Pvt. Moses Porter by Debbie Blaske NSDAR # 874364

Moses Porter was born about 1758 or 1759 in Hartford County, Connecticut to David Porter and Margaret Olmstead. He was baptized there on July 14, 1759. He was first married in 1785 to Mercy Deming. They moved to Bristol in Ontario County, New York, where Moses was elected Commissioner of Highways in 1797. Moses and Mercy had as many as nine children, some of which were still young when Mercy died in 1811. Moses married again in 1815 to Euzubia Chamberlain Perkins, a young widow, 23 years younger than him. Together they had five children.

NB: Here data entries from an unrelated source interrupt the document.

(* Let $p,q$ be coprime odd integers with $p>|q|>0$, and let $S(p,q)$ be the corresponding 2-bridge knot. Let $S_0(S(p,q))$ be the subset of the $SL(2,\mathbb{C})$-character variety $X(\pi_1(E_{S(p,q)}))$ consisting of characters $\chi_\rho$ with $\chi_\rho(\mu)=\operatorname{trace}(\rho(\mu))=0$, where $\mu$ is a meridian. Then $S_0(S(p,q))$ is a finite set consisting of exactly the characters of metabelian representations: namely the single character of an abelian (reducible) representation together with the $\frac{p-1}{2}$ distinct characters of irreducible metabelian representations.
   Context: $E_K$ is the exterior of a knot $K$ in $S^3$ and $\pi_1(E_K)$ its knot group. For coprime odd integers $p,q$ with $p>|q|>0$, the 2-bridge knot $S(p,q)$ (Schubert notation) has knot group $\langle x_1,x_2\mid wx_1=x_2w\rangle$ with $w=x_1^{e_1}x_2^{e_2}x_1^{e_3}\cdots x_2^{e_{p-1}}$, $e_i=(-1)^{\lfloor iq/p\rfloor}$, where $x_1,x_2$ are meridians. For a finitely presented group $G$, the $SL(2,\mathbb{C})$-character variety $X(G)$ is the set of characters $\chi_\rho(g)=\operatorname{trace}(\rho(g))$ of representations $\rho:G\to SL(2,\mathbb{C})$ (in the sense of Culler–Shalen), an affine algebraic variety. A representation $\rho$ is metabelian if $\rho([G,G])$ is abelian. *)

From HB Require Import structures.
From mathcomp Require Import all_boot all_order all_algebra.
From mathcomp Require Import complex.
From mathcomp Require Import Rstruct.
Set Implicit Arguments. Unset Strict Implicit. Unset Printing Implicit Defensive.
Import Order.TTheory GRing.Theory Num.Theory.
Local Open Scope ring_scope.

Definition CC : fieldType := (Rdefinitions.R)[i].

(* Words in the generators x1, x2 of the knot group and their inverses.
   A letter (g, b) stands for x_(g+1)^(+-1): g = false is x1, g = true is x2;
   b = true means the inverse.  Every element of pi_1(E_K) is represented
   by such a word (the free group on x1, x2 surjects onto the knot group). *)
Definition letter := (bool * bool)%type.
Definition word := seq letter.

Definition mx_letter (X1 X2 : 'M[CC]_2) (l : letter) : 'M[CC]_2 :=
  let X := if l.1 then X2 else X1 in if l.2 then invmx X else X.

Definition evalw (X1 X2 : 'M[CC]_2) (w : word) : 'M[CC]_2 :=
  foldr (fun l M => mx_letter X1 X2 l *m M) 1%:M w.

Definition oddz (z : int) : bool := odd (absz z).

(* The word w = x1^{e_1} x2^{e_2} x1^{e_3} ... x2^{e_{p-1}},
   e_i = (-1)^floor(i q / p): letter i is x1 for i odd, x2 for i even,
   inverted iff floor(i q / p) is odd ((_ %/ _)%Z is floor division for p > 0). *)
Definition wpq (p : nat) (q : int) : word :=
  [seq (~~ odd i, oddz ((i%:Z * q) %/ p%:Z)%Z) | i <- iota 1 p.-1].

(* SL(2,C)-representations of pi_1(E_{S(p,q)}) = < x1, x2 | w x1 = x2 w >:
   they are exactly the pairs (rho(x1), rho(x2)) of SL(2,C)-matrices
   satisfying the relation. *)
Definition is_rep (p : nat) (q : int) (X1 X2 : 'M[CC]_2) : Prop :=
  \det X1 = 1 /\ \det X2 = 1 /\
  evalw X1 X2 (wpq p q) *m X1 = X2 *m evalw X1 X2 (wpq p q).

Definition charac (X1 X2 : 'M[CC]_2) : word -> CC :=
  fun w => \tr (evalw X1 X2 w).

Definition invw (w : word) : word := rev [seq (l.1, ~~ l.2) | l <- w].
Definition commw (u v : word) : word := invw u ++ invw v ++ u ++ v.

Inductive in_comm : word -> Prop :=
| in_comm_nil : in_comm [::]
| in_comm_comm u v : in_comm (commw u v)
| in_comm_inv w : in_comm w -> in_comm (invw w)
| in_comm_cat w1 w2 : in_comm w1 -> in_comm w2 -> in_comm (w1 ++ w2).

Definition metabelian (X1 X2 : 'M[CC]_2) : Prop :=
  forall u v, in_comm u -> in_comm v ->
    evalw X1 X2 u *m evalw X1 X2 v = evalw X1 X2 v *m evalw X1 X2 u.

Definition abelian_rep (X1 X2 : 'M[CC]_2) : Prop :=
  forall u v, evalw X1 X2 u *m evalw X1 X2 v = evalw X1 X2 v *m evalw X1 X2 u.

(* rho is reducible: there is a common invariant line in C^2
   (row vectors, matrices acting on the right). *)
Definition reducible (X1 X2 : 'M[CC]_2) : Prop :=
  exists v : 'rV[CC]_2, v != 0 /\
    exists a b : CC, v *m X1 = a *: v /\ v *m X2 = b *: v.

Definition irreducible (X1 X2 : 'M[CC]_2) : Prop := ~ reducible X1 X2.

(* S_0(S(p,q)) : characters chi_rho with trace rho(mu) = 0, mu = x1 *)
Definition in_S0 (p : nat) (q : int) (chi : word -> CC) : Prop :=
  exists X1 X2, is_rep p q X1 X2 /\ \tr X1 = 0 /\ chi = charac X1 X2.

From HB Require Import structures.
From mathcomp Require Import all_boot all_order all_algebra all_solvable all_field.
From mathcomp Require Import complex Rstruct ring zify.
From Stdlib Require Import FunctionalExtensionality.
Set Implicit Arguments. Unset Strict Implicit. Unset Printing Implicit Defensive.
Import Order.TTheory GRing.Theory Num.Theory.
Local Open Scope ring_scope.

(* With tr rho(x1) = 0, Cayley-Hamilton gives rho(x1)^2 = rho(x2)^2 = -1, so the
   algebra generated by X1 = rho(x1) and X2 = rho(x2) is spanned by 1, T, X1, T X1,
   where T = X1 X2, with structure constants depending only on t = tr T.  Hence
   chi_rho is determined by t, and words of even length, in particular those of
   [G,G], evaluate into the commutative algebra C[T]: rho is metabelian.
   The word w evaluates to +-T^((p-1)/2), so the relation w x1 = x2 w amounts to
   T^p = -1.  Thus t = c + c^-1 with c^p = -1; c = -1 exactly for the reducible
   (abelian) representations, and the (p-1)/2 other values of c + c^-1 are
   realised by X1 = [[0,1],[-1,0]], X2 = [[0,-c^-1],[c,0]]. *)

Section Matrix2.
Variable R : comRingType.
Implicit Types (A : 'M[R]_2) (a b c d : R).

Lemma ord2P (i : 'I_2) : i = 0 \/ i = 1.
Proof. by case: i => [[|[|//]] Hi]; [left|right]; apply/val_inj. Qed.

From his application for a Revolutionary War pension made in 1818 while living in Ontario County, New York, and from military records, we know that Moses was a young man of about 18 when he enlisted in the service of the United States and served for one year. Four months later, in April of 1777, he enlisted again and served another six years as a Private in Captain William’s Company, and Colonel Samuel B. Webb’s and Colonel Ebenezer Huntington’s Connecticut Infantry Regiments, until he was discharged on June 7, 1783. His regiment first saw action at the Battle of Setauket in August of 1777. They spent that winter at West Point, where they assisted with the construction of fortifications. Other battles that Moses Porter would have participated in include the Battle of Rhode Island in August of 1778 and the Battle of Springfield in June of 1780.

Moses and Euzubia moved to the new state of Michigan in 1838 to live with their children. Moses died on May 8, 1840, age 82.